На улице пусто, где-то лает собака, где-то по булыжнику тарахтит телега. А окна нашего дома уже светятся. На кухне Лючия Ринальдовна, и от одного ее вида мне, как всегда, становится спокойнее. Кипит вода, варится каша, Женя Авдеенко подкладывает в печь дрова.
В вагоне, когда на мою долю оставалось только ждать думать, я была совсем беззащитной от мыслей. Тогда была одна только власть – власть памяти и одиночества. Может быть, сейчас все изменится? Может быть, некогда будет ни думать, ни вспоминать, ни бояться будущего? Потому что надо работать. Надо кормить, одевать, беречь. Надо.
Когда-то, давая пробный урок в третьем классе (я училась тогда в педтехникуме), я сказала детям:
– Меня зовут Галя. – И, увидев предостерегающий взгляд методиста, быстро поправилась: – … Константиновна.
После этого методист часто говорил мне голосом, полным упрека: «Галя… Константиновна». И теперь, глядя на Иру Васюкевич, я вспоминаю, как она представилась мне в первую ночь нашего знакомства: «Ира… Феликсовна». Ей минуло уже двадцать, но называть ее Ириной Феликсовной не было никакой возможности, она могла сойти за какую-нибудь из моих девочек постарше.
На новом месте ждал нас еще один учитель, звали его Петр Алексеевич. В районо мне сказали, что он в городе с тридцать четвертого года. Бывший ленинградец. Образованный человек. Но надо правду сказать – человек трудный и неуживчивый. В школе не поладил, в педучилище не поладил. Может, детдом как-нибудь с ним сговорится? Ценный человек. Знающий. Репетировать может по всем предметам – и по гуманитарным и по точным. Знает три языка. Вот занесла судьба такого в Заозерск, а постоянного дела никак не найдет: характер. Так попробуем, что ли?
Все это говорила мне своим низким добрым голосом заведующая Заозерским районо. Теперь я могла разглядеть ее: широкое, большелобое лицо в глубоких рябинах от оспы, чистые голубые глаза.
Когда Петр Алексеевич пришел к нам, мне сразу стало не по себе.
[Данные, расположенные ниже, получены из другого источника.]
Lemma sigfP x y : sigf S x = sigf S y <-> sig x =1 sig y.
Proof.
split=> [exy z|exy]; last by apply/ffunP => z; rewrite !ffunE.
by have := congr1 (fun f : {ffun X -> X} => f z) exy; rewrite !ffunE.
Qed.

Lemma sigma_perm_sigf x y : sigf S x = sigf S y -> sigma_perm S x = sigma_perm S y.
Proof. by rewrite /sigma_perm /to_perm /sigf => ->. Qed.

Definition retract_compatible (f : X -> X) :=
  forall u v, sigf S u = sigf S v -> sigf S (f u) = sigf S (f v).

Lemma retract_compatible_sigmaV a : retract_compatible (sigmaV a).
Proof.
have sigmaV_sig w z : sig (sigmaV a w) z = sigmaV a (sig w (sig (sigmaV w a) z)).
  have := braidS.2 a (sigmaV a w) (sigmaV w a); rewrite !sigmaVK => /(_ erefl z) <-.
  by rewrite sigmaK.
move=> u v euv; apply/sigfP => z; rewrite !sigmaV_sig.
by move/sigfP: (euv) => ->; rewrite /sigmaV (sigma_perm_sigf _ _ euv).
Qed.

(* sigma_a is a power of its inverse, since permutations have finite order. *)
Lemma retract_compatible_sigma a : retract_compatible (sig a).
Proof.
set p := (sigma_perm S a)^-1%g.
have compat_p k : retract_compatible (p ^+ k)%g.
  elim: k => [|k IHk] u v euv; first by rewrite !expg0 !perm1.
  by rewrite !expgSr !permM; apply: retract_compatible_sigmaV; apply: IHk.
move=> u v euv; rewrite -!sigma_permE -[sigma_perm S a]invgK -/p invg_expg.
exact: compat_p.
Qed.

End SigmaBraided.

Lemma rcls_eqE (S : sol) x y : rcls S x = rcls S y <-> sigf S x = sigf S y.
Proof.
split=> [exy|exy]; last by apply: val_inj; apply/setP => z; rewrite !inE exy.
have : x \in val (rcls S y) by rewrite -exy inE.
by rewrite inE => /eqP.
Qed.

Lemma rcls_surj {S : sol} (c : retT S) : exists x, c = rcls S x.
Proof. by case: c => C /[dup] /imsetP [x _ ->] CP; exists x; apply: val_inj. Qed.

(* For sigma-braided S: x and y have the same image in Ret^k S (ret_rel_Ret). *)
Fixpoint ret_rel (S : sol) (k : nat) (x y : scar S) : Prop :=
  if k is k'.+1 then forall z, ret_rel S k' (ssig S x z) (ssig S y z) else x = y.

Lemma ret_rel_refl (S : sol) k x : ret_rel S k x x.
Proof. by elim: k x => //= k IHk x z. Qed.

Lemma ret_rel_sym (S : sol) k x y : ret_rel S k x y -> ret_rel S k y x.
Proof. by elim: k x y => //= k IHk x y exy z; apply: IHk. Qed.

Lemma ret_rel_trans (S : sol) k x y w :
  ret_rel S k x y -> ret_rel S k y w -> ret_rel S k x w.
Proof.
elim: k x y w => [|k IHk] x y w /=; first by move=> ->.
by move=> exy eyw z; apply: IHk (exy z) (eyw z).
Qed.

Lemma ret_relS (S : sol) k x y : ret_rel S k x y -> ret_rel S k.+1 x y.
Proof. by elim: k x y => [|k IHk] x y /=; [move=> -> | move=> exy z; apply: IHk]. Qed.

Section Retract.
Context {S : sol}.
Hypothesis braidS : sigma_braided S.

Lemma ssig_Ret x z : ssig (Ret S) (rcls S x) (rcls S z) = rcls S (ssig S x z).
Proof.
rewrite /ssig /= /retmap /=.
case: pickP => [x0|]; last by move/(_ x); rewrite inE eqxx.
case: pickP => [z0|]; last by move/(_ z); rewrite inE eqxx.
rewrite !inE => /eqP ez /eqP ex /=; apply/rcls_eqE.
move/sigfP: ex => ->; exact: retract_compatible_sigma.
Qed.

Lemma sigma_braided_Ret : sigma_braided (Ret S).
Proof.
split=> [c|c d c'].
  apply: injF_bij => d1 d2.
  have [x ->] := rcls_surj c; have [y1 ->] := rcls_surj d1; have [y2 ->] := rcls_surj d2.
  rewrite !ssig_Ret => /rcls_eqE e12; apply/rcls_eqE.
  by have := retract_compatible_sigmaV braidS x _ _ e12; rewrite !sigmaK.
have [x ->] := rcls_surj c; have [y ->] := rcls_surj d; have [x' ->] := rcls_surj c'.
rewrite !ssig_Ret => /rcls_eqE ex' e; have [z ->] := rcls_surj e.
rewrite !ssig_Ret; set u := ssig S x y.
have sig_u : ssig S u (sigmaV u x) = x by rewrite sigmaVK.
have /sigfP -> : sigf S x' = sigf S (sigmaV u x).
  by have := retract_compatible_sigmaV braidS u _ _ ex'; rewrite sigmaK.
by rewrite (braidS.2 _ _ _ sig_u z).
Qed.

Lemma ret_rel_Ret k x y :
  ret_rel (Ret S) k (rcls S x) (rcls S y) <-> ret_rel S k.+1 x y.
Proof.
elim: k x y => [|k IHk] x y /=.
  by split=> [/rcls_eqE/sigfP|exy]; last apply/rcls_eqE/sigfP.
split=> exy z; first by apply/IHk; rewrite -!ssig_Ret; apply: exy.
by have [w ->] := rcls_surj z; rewrite !ssig_Ret; apply/IHk.
Qed.

End Retract.

Lemma card_iter_Ret1 k {S : sol} : sigma_braided S -> scar S ->
  #|{: scar (iter k Ret S)}| = 1 <-> forall x y, ret_rel S k x y.
Proof.
elim: k S => [|k IHk] S braidS x0.
  split=> [/eqP/card1P [a ea] x y|exy].
    by have := ea x; have := ea y; rewrite !inE => /esym/eqP -> /esym/eqP ->.
  by apply: (eq_card1 (x := x0)) => y; rewrite !inE; apply/esym/eqP/exy.
rewrite iterSr; apply: iff_trans (IHk (Ret S) (sigma_braided_Ret braidS) (rcls S x0)) _.
split=> [exy x y|exy c d]; first by apply/(ret_rel_Ret braidS).
by have [x ->] := rcls_surj c; have [y ->] := rcls_surj d; apply/(ret_rel_Ret braidS).
Qed.

Definition sigma_transitive (S : sol) : Prop := forall x y : scar S,
  exists s : seq (scar S), y = foldl (fun z a => ssig S a z) x s.

Lemma card_Ret (S : sol) : #|{: scar (Ret S)}| = #|image (rcls S) (scar S)|.
Proof.
rewrite [RHS]eq_cardT -?cardT // => c; have [x ->] := rcls_surj c.
exact: image_f.
Qed.

Lemma card_Ret_eq (S : sol) : #|{: scar (Ret S)}| = #|{: scar S}| <-> injective (rcls S).
Proof.
rewrite card_Ret; split=> [/eqP/image_injP rcls_inj x y|rcls_inj]; last exact: card_image.
exact: rcls_inj.
Qed.

Lemma card_Ret_leq (S : sol) : #|{: scar (Ret S)}| <= #|{: scar S}|.
Proof. by rewrite card_Ret leq_image_card. Qed.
Молча положив передо мною кипу каких-то документов, он сказал:
– Если вы считаете, что таким, как я, доверять нельзя, скажите прямо, и окончим этот разговор, не начиная.
– Послушайте, почему вы так говорите со мной? – спросила я.
Он был очень высок, очень худ. На узких плечах болтался пиджак, который, верно, был ему впору когда-то давно. Губы тонкие, бледные, я привыкла думать, что такие бывают у людей недобрых. Глаза глубоко запали и смотрели неприязненно и угрюмо.
– Видите ли, руководство, а особенно когда руководство, – женщины, всегда считает таких, как я, не заслуживающими доверия. Женщины всегда необыкновенно бдительны, и, должен признаться, я терпеть не могу, когда начальство женского пола. И не лучше ли сразу увидеть, что мы не сработаемся? А я, знаете ли, не пропаду: умею сапоги тачать, лапти плету… Столярничаю… Для этих дел особого политического доверия не требуется.